Of the 143 households 24.5% had children under the age of 18 living with them, 51.0% were married couples living together, 7.0% had a female householder with no husband present, and 40.6% were non-families. 36.4% of households were one person and 25.2% were one person aged 65 or older. The average household size was 2.21 and the average family size was 2.89.

26.6% of the people are under the age of 18, 1.9% from 18 to 24, 21.2% from 25 to 44, 21.2% from 45 to 64, and 29.1% 65 or older. The median age was 45 years. For every 100 females, there were 83.7 males. For every 100 females age 18 and over, there were 88.6 males.

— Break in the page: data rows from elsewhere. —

(* For $i\in\{1,\dots,m\}$ let $f_i:\mathbb{R}^n\to\mathbb{R}\cup\{\infty\}$ be proper, lower semicontinuous, and prox-bounded with threshold $r_i$. Let $r>\max_i\{r_i\}$ and define $F(x,\lambda):=-\sum_{i=1}^m\lambda_ie_rf_i(x)$. Suppose $P_rf_i$ is single-valued and Lipschitz continuous for all $i$. Then, for any $(\bar x,\bar\lambda)$ and $\bar v\in\partial_xF(\bar x,\bar\lambda)$, the following hold: (1) $(0,\lambda')\in D^*(\partial_xF)(\bar x,\bar\lambda\,|\,\bar v)(0)\Rightarrow \lambda'=0$; (2) for some $\rho>0$, $(x',\lambda')\in D^*(\partial_xF)(\bar x,\bar\lambda\,|\,\bar v)(v')$ with $v'\neq 0$ implies $\langle x',v'\rangle>-\rho|v'|^2$; (3) the set-valued mapping $\partial_xF(\bar x,\cdot)$ has a continuous selection $g$ near $\bar\lambda$.
   Context: Moreau envelope $e_rf(x)=\inf_y\{f(y)+\frac r2|y-x|^2\}$ and proximal mapping $P_rf(x)=\operatorname{argmin}_y\{f(y)+\frac r2|y-x|^2\}$. $f$ is prox-bounded if $e_rf(\bar x)>-\infty$ for some $r>0$ and $\bar x$; the infimum of such $r$ is the threshold. $\partial_x$ is the subdifferential in $x$, and $\partial_xF$ is regarded as the set-valued mapping $(x,\lambda)\mapsto\partial_xF(x,\lambda)$. For a set-valued mapping $S$ and $\bar y\in S(\bar z)$, the coderivative is $D^*S(\bar z|\bar y)(w)=\{z': (z',-w)\in N_{\operatorname{gph}S}(\bar z,\bar y)\}$, with $N$ the limiting normal cone. *)

(* R^n is rendered as row vectors 'rV[R]_n. *)
From HB Require Import structures.
From mathcomp Require Import all_boot all_order all_algebra.
From mathcomp Require Import all_classical all_reals all_analysis.
Set Implicit Arguments. Unset Strict Implicit. Unset Printing Implicit Defensive.
Import Order.TTheory GRing.Theory Num.Theory.
Import numFieldNormedType.Exports.
Local Open Scope classical_set_scope.
Local Open Scope ring_scope.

The median household income was $26,125 and the median family income was $37,292. Males had a median income of $27,250 versus $17,500 for females. The per capita income for the city was $13,837. About 10.8% of families and 15.5% of the population were below the poverty line, including 16.4% of those under age 18 and 18.0% of those age 65 or over.

==Education==
It is within the West Harrison Community School District.